• DATA FOR THIS EXERCISE:

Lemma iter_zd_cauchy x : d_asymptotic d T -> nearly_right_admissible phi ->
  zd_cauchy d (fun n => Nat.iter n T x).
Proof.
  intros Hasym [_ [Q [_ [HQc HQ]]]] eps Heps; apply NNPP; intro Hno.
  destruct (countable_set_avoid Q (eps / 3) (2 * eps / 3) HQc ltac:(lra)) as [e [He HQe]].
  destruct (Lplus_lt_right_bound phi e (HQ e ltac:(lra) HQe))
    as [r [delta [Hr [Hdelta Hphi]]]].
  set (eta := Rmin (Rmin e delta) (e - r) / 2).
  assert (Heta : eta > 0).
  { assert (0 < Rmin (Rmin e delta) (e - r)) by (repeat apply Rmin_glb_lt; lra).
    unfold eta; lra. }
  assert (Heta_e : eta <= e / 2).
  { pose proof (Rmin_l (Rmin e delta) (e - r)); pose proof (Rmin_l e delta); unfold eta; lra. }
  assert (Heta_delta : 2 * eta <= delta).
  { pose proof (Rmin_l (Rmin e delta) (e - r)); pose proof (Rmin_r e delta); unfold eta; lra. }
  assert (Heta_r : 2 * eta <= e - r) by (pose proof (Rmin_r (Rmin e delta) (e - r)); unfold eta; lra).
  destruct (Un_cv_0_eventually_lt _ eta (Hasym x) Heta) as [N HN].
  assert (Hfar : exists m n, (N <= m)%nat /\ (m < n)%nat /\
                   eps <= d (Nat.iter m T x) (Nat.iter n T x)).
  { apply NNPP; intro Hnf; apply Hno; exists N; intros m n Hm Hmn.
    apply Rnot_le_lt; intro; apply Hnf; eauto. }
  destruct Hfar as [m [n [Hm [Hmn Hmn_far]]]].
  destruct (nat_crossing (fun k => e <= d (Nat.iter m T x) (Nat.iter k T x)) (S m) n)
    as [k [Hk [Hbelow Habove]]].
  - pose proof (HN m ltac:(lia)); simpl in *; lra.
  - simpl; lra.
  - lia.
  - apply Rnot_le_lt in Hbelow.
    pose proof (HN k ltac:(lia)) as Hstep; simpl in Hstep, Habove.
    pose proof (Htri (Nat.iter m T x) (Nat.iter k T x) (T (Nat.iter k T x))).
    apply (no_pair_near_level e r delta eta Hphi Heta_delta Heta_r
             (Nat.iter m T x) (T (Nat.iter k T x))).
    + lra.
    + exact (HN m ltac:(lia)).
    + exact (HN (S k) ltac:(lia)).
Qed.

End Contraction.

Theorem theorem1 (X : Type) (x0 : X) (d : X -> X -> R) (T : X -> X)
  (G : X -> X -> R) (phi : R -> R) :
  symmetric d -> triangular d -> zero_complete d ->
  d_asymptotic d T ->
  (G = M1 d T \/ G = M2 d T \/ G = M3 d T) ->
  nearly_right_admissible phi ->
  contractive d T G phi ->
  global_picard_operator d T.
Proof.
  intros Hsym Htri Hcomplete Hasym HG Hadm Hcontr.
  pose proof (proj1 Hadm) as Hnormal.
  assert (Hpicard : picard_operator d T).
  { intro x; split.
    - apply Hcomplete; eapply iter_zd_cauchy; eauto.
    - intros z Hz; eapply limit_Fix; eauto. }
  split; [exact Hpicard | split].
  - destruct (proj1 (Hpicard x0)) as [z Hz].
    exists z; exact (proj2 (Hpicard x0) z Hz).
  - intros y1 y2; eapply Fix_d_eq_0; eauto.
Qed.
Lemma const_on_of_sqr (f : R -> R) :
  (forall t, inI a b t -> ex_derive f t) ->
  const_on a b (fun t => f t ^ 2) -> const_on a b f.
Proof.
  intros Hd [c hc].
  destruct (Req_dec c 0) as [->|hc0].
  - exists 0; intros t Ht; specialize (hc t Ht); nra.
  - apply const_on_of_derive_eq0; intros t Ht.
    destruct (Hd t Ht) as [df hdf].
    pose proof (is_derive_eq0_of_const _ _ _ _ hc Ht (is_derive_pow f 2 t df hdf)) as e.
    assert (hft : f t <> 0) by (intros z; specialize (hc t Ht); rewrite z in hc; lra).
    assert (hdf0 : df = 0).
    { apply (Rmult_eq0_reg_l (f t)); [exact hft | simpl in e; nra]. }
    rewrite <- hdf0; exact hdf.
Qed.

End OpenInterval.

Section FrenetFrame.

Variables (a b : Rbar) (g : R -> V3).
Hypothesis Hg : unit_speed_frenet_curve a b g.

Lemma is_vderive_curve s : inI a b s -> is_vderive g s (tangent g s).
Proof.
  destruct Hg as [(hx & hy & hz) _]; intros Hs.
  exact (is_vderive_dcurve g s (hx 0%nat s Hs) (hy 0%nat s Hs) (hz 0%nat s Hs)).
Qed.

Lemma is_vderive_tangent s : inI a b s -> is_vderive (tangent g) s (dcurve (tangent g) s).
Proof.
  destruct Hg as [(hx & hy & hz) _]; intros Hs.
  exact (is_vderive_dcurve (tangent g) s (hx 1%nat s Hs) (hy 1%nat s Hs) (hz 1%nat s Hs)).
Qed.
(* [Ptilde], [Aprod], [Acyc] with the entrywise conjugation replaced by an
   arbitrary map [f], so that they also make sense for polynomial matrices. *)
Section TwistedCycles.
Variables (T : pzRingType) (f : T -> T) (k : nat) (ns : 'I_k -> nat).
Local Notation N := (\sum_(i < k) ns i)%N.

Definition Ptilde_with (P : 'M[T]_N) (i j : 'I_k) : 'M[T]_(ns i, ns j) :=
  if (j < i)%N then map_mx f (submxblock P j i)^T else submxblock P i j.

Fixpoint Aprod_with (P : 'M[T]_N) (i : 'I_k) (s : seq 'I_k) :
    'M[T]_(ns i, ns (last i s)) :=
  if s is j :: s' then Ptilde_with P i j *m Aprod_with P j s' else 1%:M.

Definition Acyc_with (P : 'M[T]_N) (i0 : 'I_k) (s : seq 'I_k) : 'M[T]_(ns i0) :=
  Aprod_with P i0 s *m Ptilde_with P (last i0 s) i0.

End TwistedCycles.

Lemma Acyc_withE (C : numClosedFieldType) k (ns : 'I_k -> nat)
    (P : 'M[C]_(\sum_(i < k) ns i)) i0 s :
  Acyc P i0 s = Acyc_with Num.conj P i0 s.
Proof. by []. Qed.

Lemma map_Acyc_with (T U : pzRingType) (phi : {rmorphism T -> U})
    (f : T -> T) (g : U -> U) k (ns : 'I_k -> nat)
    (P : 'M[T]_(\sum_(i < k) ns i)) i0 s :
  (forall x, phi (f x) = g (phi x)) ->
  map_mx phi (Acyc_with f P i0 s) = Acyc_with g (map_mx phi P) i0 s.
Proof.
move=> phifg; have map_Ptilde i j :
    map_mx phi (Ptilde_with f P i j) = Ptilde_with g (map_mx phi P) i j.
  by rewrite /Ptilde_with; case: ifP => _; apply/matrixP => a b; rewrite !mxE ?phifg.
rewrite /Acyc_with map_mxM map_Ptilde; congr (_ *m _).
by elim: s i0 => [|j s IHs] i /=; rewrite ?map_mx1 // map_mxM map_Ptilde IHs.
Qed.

• TASK: Reproduce, word for word and in full, only the lines above that start at the line with "Lemma is_vderive_curve s" and run through the line with "i, ns (last", both ends included.

• RESULT:
Lemma is_vderive_curve s : inI a b s -> is_vderive g s (tangent g s).
Proof.
  destruct Hg as [(hx & hy & hz) _]; intros Hs.
  exact (is_vderive_dcurve g s (hx 0%nat s Hs) (hy 0%nat s Hs) (hz 0%nat s Hs)).
Qed.

Lemma is_vderive_tangent s : inI a b s -> is_vderive (tangent g) s (dcurve (tangent g) s).
Proof.
  destruct Hg as [(hx & hy & hz) _]; intros Hs.
  exact (is_vderive_dcurve (tangent g) s (hx 1%nat s Hs) (hy 1%nat s Hs) (hz 1%nat s Hs)).
Qed.
(* [Ptilde], [Aprod], [Acyc] with the entrywise conjugation replaced by an
   arbitrary map [f], so that they also make sense for polynomial matrices. *)
Section TwistedCycles.
Variables (T : pzRingType) (f : T -> T) (k : nat) (ns : 'I_k -> nat).
Local Notation N := (\sum_(i < k) ns i)%N.

Definition Ptilde_with (P : 'M[T]_N) (i j : 'I_k) : 'M[T]_(ns i, ns j) :=
  if (j < i)%N then map_mx f (submxblock P j i)^T else submxblock P i j.

Fixpoint Aprod_with (P : 'M[T]_N) (i : 'I_k) (s : seq 'I_k) :
    'M[T]_(ns i, ns (last i s)) :=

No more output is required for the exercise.